### What you will do
From the records beneath, determine how many lines contain "last" and report only that figure.

### Saved entries
(* [Vt / H] takes values in [0, 1], where [phiV] has norm at most 1 *)
Lemma featV_norm k h s a : (1 <= k <= K)%N -> (1 <= h <= H)%N ->
  vdot (featV phi Vt k h s a) (featV phi Vt k h s a) <= H%:R ^+ 2.
Proof.
move=> kK hH; have H0 : 0 < H%:R :> R by rewrite ltr0n.
set W := fun s' => Vt k h s a s' / H%:R.
have eV : featV phi Vt k h s a = H%:R *: phiV phi s a W.
  rewrite /featV /phiV scaler_sumr; apply: eq_bigr => s' _.
  by rewrite scalerA /W mulrC divfK // gt_eqF.
have W01 s' : 0 <= W s' <= 1.
  have /andP [V0 VH] := Vt_bounds s a kK hH s'.
  by rewrite divr_ge0 ?ler0n //= ler_pdivrMr // mul1r.
have W1 : vdot (phiV phi s a W) (phiV phi s a W) <= 1.
  by rewrite -(ler_sqrt _ ler01) sqrtr1 -wnorm1 phiV_le1.
by rewrite eV -!bform1 bformZl bformZr mulrA -expr2 bform1 ler_piMr ?sqr_ge0.
Qed.

Lemma beta_ge0 : 0 <= beta.
Proof. by rewrite /betaB addr_ge0 ?mulr_ge0 ?sqrtr_ge0 // ltW. Qed.

Lemma uk_ge0 k h s a : 0 <= uk k h s a.
Proof. by rewrite /bonus mulr_ge0 ?beta_ge0 ?sqrtr_ge0. Qed.

Lemma model_err_le_uk k h s a (V : S -> R) : (1 <= k <= K)%N -> (1 <= h <= H)%N ->
  (forall s', 0 <= V s' <= H%:R) ->
  `|((thetahat phi B Vt st act k h)^T *m phiV phi s a V) ord0 ord0
    - ((theta h)^T *m phiV phi s a V) ord0 ord0| <= uk k h s a.
Proof.
move=> kK hH VH; have -> : forall X Y : 'M[R]_1, X ord0 ord0 - Y ord0 ord0 = (X - Y) 0 0.
  by move=> X Y; rewrite !mxE.
rewrite -mulmxBl -linearB /=.
apply: le_trans (vdot_le_wnorm _ _ (Lk_sym k h) (Lk_unit k h) (Lk_psd k h)) _.
by rewrite /bonus ler_pM ?sqrtr_ge0 ?theta_conf ?Vt_argmax.
Qed.

Lemma Vk_step k h s : (1 <= h <= H)%N ->
  Vk k h s = Defs.maxA a0 (Qalg phi B delta H K Vt st act k h (Vk k h.+1) s).
Proof. by move=> hH; rewrite /Valg bwdV_step. Qed.

Lemma Vk_end k s : Vk k H.+1 s = 0.
Proof. exact: bwdV_end. Qed.

Lemma Vuk_ge0_le k h s : (1 <= h <= H.+1)%N -> 0 <= Vuk k h s <= H%:R.
Proof. by move=> hH; apply: Vstar_ge0_le => // *; apply: uk_ge0. Qed.

(* Optimism: the bonus absorbs the model error. *)
Lemma optimism k : (1 <= k <= K)%N -> forall h, (1 <= h <= H.+1)%N -> forall s,
  Vuk k h s <= Vk k h s /\ 0 <= Vk k h s <= H%:R.
Proof.
move=> kK; apply: down_ind => [s|h hH IHh s]; first by rewrite Vstar_end Vk_end lexx ler0n.
have VkH s' : 0 <= Vk k h.+1 s' <= H%:R by case: (IHh s').
have VukVk : Vuk k h s <= Vk k h s.
  rewrite Vstar_step // Vk_step //; apply: le_maxA2 => a; apply: le_min2 => //.
  have := model_err_le_uk s a kK hH VkH; rewrite ler_norml -sum_P_phiV // => /andP [err _].
  have : \sum_s' P h s a s' * Vuk k h.+1 s' <= \sum_s' P h s a s' * Vk k h.+1 s'.
    by apply: ler_sum => s' _; rewrite ler_wpM2l ?P_ge0 //; case: (IHh s').
  lra.
split=> //; rewrite (le_trans _ VukVk) /=; last by case/andP: (@Vuk_ge0_le k h s ltac:(lia)).
by rewrite Vk_step //; apply: maxA_le => a; rewrite ge_min lexx orbT.
Qed.

(* [Lk K h] dominates [Lk k h], and the maximizer [Vt] of episode [k] is feasible in episode [K]. *)
Lemma uK_le_uk k h s a : (1 <= k <= K)%N -> (1 <= h <= H)%N -> uk K h s a <= uk k h s a.
Proof.
move=> kK hH; have KK : (1 <= K <= K)%N by rewrite K_gt0 leqnn.
rewrite /bonus ler_wpM2l ?beta_ge0 //.
apply: le_trans (Vt_argmax s a kK hH (Vt_bounds s a KK hH)).
rewrite ler_sqrt; last exact: qform_invLk_ge0.
rewrite (Lk_split h kK); apply: qform_invmxD_le.
- exact: Lk_sym.
- exact: sum_outer_sym.
- exact: Lk_unit.
- by rewrite -Lk_split // Lk_unit.
- exact: Lk_psd.
- exact: psdmx_sum_outer.
Qed.

Lemma VuK_le_Vuk k : (1 <= k <= K)%N -> Vuk K 1 s1 <= Vuk k 1 s1.
Proof. by move=> kK; apply: le_Vstar => // h s a hH; apply: uK_le_uk. Qed.

(* On the trajectory the greedy action is played, so [Vk] equals [Qk]; its excess over
   the true expectation is at most two bonuses plus one model error. *)
Lemma Vk_sub_le k h : (1 <= k <= K)%N -> (1 <= h <= H)%N ->
  Vk k h (st k h) - \sum_s' P h (st k h) (act k h) s' * Vk k h.+1 s'
  <= Num.min (3 * uk k h (st k h) (act k h)) H%:R.
Proof.
move=> kK hH; have VkH s' : 0 <= Vk k h.+1 s' <= H%:R by case: (optimism kK (h := h.+1) ltac:(lia) s').
have -> : Vk k h (st k h) = Qk phi B delta H K Vt st act a0 k h (st k h) (act k h).
  by rewrite Vk_step // act_pi //; apply: maxA_eq => b; apply: pi_greedy.
rewrite /Qk /Qalg; set s := st k h; set a := act k h.
have := model_err_le_uk s a kK hH VkH; rewrite ler_norml -sum_P_phiV // => /andP [_ err].
have PV0 : 0 <= \sum_s' P h s a s' * Vk k h.+1 s'.
  by apply: sumr_ge0 => s' _; rewrite mulr_ge0 ?P_ge0 //; case/andP: (VkH s').
set X := (_ *m phiV phi s a (Vk k h.+1)) ord0 ord0 in err *.
have : Num.min (X + uk k h s a + uk k h s a) H%:R <= X + uk k h s a + uk k h s a.
  by rewrite ge_min lexx.
have : Num.min (X + uk k h s a + uk k h s a) H%:R <= H%:R by rewrite ge_min lexx orbT.
by rewrite le_min; lra.
Qed.

Lemma Vk1_telescope k : (1 <= k <= K)%N ->
  Vk k 1 s1 = \sum_(1 <= h < H.+1) (Vk k h (st k h) - Vk k h.+1 (st k h.+1)).
Proof.
move=> kK; have := @telescope_sumr _ 1 H.+1 (fun h => - Vk k h (st k h)) isT.
rewrite /= Vk_end st_init // oppr0 add0r opprK => <-.
by apply: eq_bigr => h _; rewrite opprK addrC.
Qed.

Local Notation w k h := (qform (invmx (Lk k h)) (feat k h)).

Lemma det_Lk h n : (1 <= n)%N -> \det (Lk n h) = lam ^+ d * \prod_(1 <= k < n) (1 + w k h).
Proof.
elim: n => [//|n IHn] _; have [->|n_gt0] := posnP n.
  by rewrite big_geq // mulr1 /Lam big_geq // add0r det_scalar.
by rewrite big_nat_recr //= mulrA -IHn // Lk_succ // det_add_outer ?Lk_unit.
Qed.

Lemma mxtrace_LK h : (1 <= h <= H)%N -> \tr (Lk K.+1 h) <= K%:R * H%:R ^+ 2 + lam * d%:R.
Proof.
move=> hH; rewrite /Lam mxtraceD mxtrace_scalar raddf_sum /= -[lam *+ d]mulr_natr lerD2r.
have -> : K%:R * H%:R ^+ 2 = \sum_(1 <= k < K.+1) (H%:R ^+ 2 : R).
  by rewrite sumr_const_nat subn1 mulr_natl.
rewrite big_nat [X in _ <= X]big_nat; apply: ler_sum => k /andP [k1 kK].
by rewrite mxtrace_mulC /mxtrace big_ord1 featV_norm // k1 -ltnS.
Qed.

(* Elliptical potential: [det (Lk K.+1 h) = lam^d prod_k (1 + w k h)] is bounded through
   AM-GM by the trace. *)
Lemma sum_ln1D_w_le h : (1 <= h <= H)%N -> \sum_(1 <= k < K.+1) ln (1 + w k h) <= d%:R * logD.
Proof.
move=> hH; have w1 k : 0 < 1 + w k h by have := qform_invLk_ge0 k h (feat k h); lra.
have d0 : 0 < d%:R :> R by rewrite ltr0n.
set y := K%:R * H%:R ^+ 2 * B ^+ 2 / d%:R.
have y0 : 0 <= y by apply: divr_ge0 => //; rewrite !mulr_ge0 // ltW.
rewrite -ln_prod // mulr_natl -lnXn; last lra.
apply: ln_le_ln; first exact: prodr_gt0.
have tr_le : \tr (Lk K.+1 h) / d%:R <= (1 + y) * lam.
  rewrite ler_pdivrMr //.
  have -> : (1 + y) * lam * d%:R = K%:R * H%:R ^+ 2 + lam * d%:R.
    by rewrite /y /lamB; field; rewrite ?gt_eqF ?exprn_gt0.
  exact: mxtrace_LK.
have tr_ge0 : 0 <= \tr (Lk K.+1 h) / d%:R.
  rewrite divr_ge0 // /mxtrace sumr_ge0 // => i _.
  exact: le_trans (ltW lam_gt0) (ge_scalar_mx_diag i (Lk_ge_scalar _ _)).
have := det_le_mxtrace d_gt0 lam_gt0 (Lk_sym K.+1 h) (Lk_ge_scalar K.+1 h).
rewrite det_Lk // => det_le.
have tr_pow : (\tr (Lk K.+1 h) / d%:R) ^+ d <= ((1 + y) * lam) ^+ d.
  by apply: lerXn2r; rewrite ?nnegrE // mulr_ge0 ?(ltW lam_gt0) //; lra.
have := le_trans det_le tr_pow.
by rewrite exprMn mulrC ler_pM2r // exprn_gt0 // lam_gt0.
Qed.

Lemma argL_ge : 4 * K%:R <= argL /\ 4 / delta <= argL.
Proof.
have H1 : 1 <= H%:R ^+ 3 :> R by rewrite exprn_ege1 // ler1n.
have K1 : 1 <= K%:R :> R by rewrite ler1n.
have B1 : 1 <= B ^+ 2 by rewrite exprn_ege1 // B_ge1.
have [delta0 delta1] := andP delta01.
have idelta1 : 1 <= delta^-1 by rewrite invf_ge1 // ltW.
split.
  have -> : argL = (4 * K%:R) * (H%:R ^+ 3 * B ^+ 2 * delta^-1) by rewrite /lamB invrK; ring.
  by apply: ler_peMr; [lra | apply: mulr_ege1 => //; apply: mulr_ege1].
have -> : argL = (4 / delta) * (H%:R ^+ 3 * K%:R * B ^+ 2) by rewrite /lamB invrK; ring.
by apply: ler_peMr; [rewrite divr_ge0 ?ltW | apply: mulr_ege1 => //; apply: mulr_ege1].
Qed.

Lemma logL_ge1 : 1 <= logL.
Proof.
have K1 : 1 <= K%:R :> R by rewrite ler1n.
by apply: (@natr_le_ln _ 1); apply: le_trans argL_ge.1; rewrite expr1; lra.
Qed.

Lemma beta_eq : beta = H%:R * Num.sqrt (d%:R * logL) + 1.
Proof.
rewrite /betaB /lamB -exprVn sqrtr_sqr ger0_norm ?invr_ge0 ?ltW //.
by rewrite mulVf // gt_eqF.
Qed.

Lemma H_le_beta : H%:R <= beta.
Proof.
have dL1 : 1 <= d%:R * logL by rewrite mulr_ege1 ?ler1n ?logL_ge1.
have : 1 <= Num.sqrt (d%:R * logL) by rewrite -[X in X <= _]sqrtr1 ler_sqrt //; lra.
by rewrite beta_eq; have : 0 <= H%:R :> R by []; nra.
Qed.

Lemma logD_ge0 : 0 <= logD.
Proof. by rewrite ln_ge0 // lerDl divr_ge0 // !mulr_ge0 // ltW. Qed.

(* Cauchy-Schwarz over the [K] episodes, then the elliptical potential bound. *)
Lemma sum_min_uk_le h : (1 <= h <= H)%N ->
  \sum_(1 <= k < K.+1) Num.min (3 * uk k h (st k h) (act k h)) H%:R
  <= beta * Num.sqrt (10 * K%:R) * Num.sqrt (d%:R * logD).
Proof.
move=> hH; have beta0 := beta_ge0.
set m := fun k => Num.min (3 * uk k h (st k h) (act k h)) H%:R.
have m_ge0 k : 0 <= m k by rewrite le_min ler0n andbT mulr_ge0 ?uk_ge0.
have m2 k : m k ^+ 2 <= 10 * beta ^+ 2 * ln (1 + w k h).
  rewrite /m /bonus mulrA -[w k h]sqr_sqrtr ?qform_invLk_ge0 //.
  by apply: sqr_min_le_ln1D; rewrite ?sqrtr_ge0 ?ltr0n ?H_le_beta.
have sum_m2 : \sum_(1 <= k < K.+1) m k ^+ 2 <= 10 * beta ^+ 2 * (d%:R * logD).
  apply: le_trans (ler_sum _ (fun k _ => m2 k)) _; rewrite -mulr_sumr.
  by apply: ler_wpM2l; [rewrite mulr_ge0 ?sqr_ge0 | exact: sum_ln1D_w_le].
have sum_sq := sqr_sum_le_size (index_iota 1 K.+1) m; rewrite size_iota subn1 /= in sum_sq.
have -> : beta * Num.sqrt (10 * K%:R) * Num.sqrt (d%:R * logD) =
    Num.sqrt (beta ^+ 2 * (10 * K%:R) * (d%:R * logD)).
  rewrite (@sqrtrM _ (beta ^+ 2 * _)) ?mulr_ge0 ?sqr_ge0 //.
  by rewrite (@sqrtrM _ (beta ^+ 2)) ?sqr_ge0 // sqrtr_sqr ger0_norm.
apply: le_sqrtr; first by apply: sumr_ge0 => k _; apply: m_ge0.
apply: le_trans sum_sq _.
have -> : beta ^+ 2 * (10 * K%:R) * (d%:R * logD) = K%:R * (10 * beta ^+ 2 * (d%:R * logD)).
  by ring.
by rewrite ler_wpM2l.
Qed.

### Completed exercise
3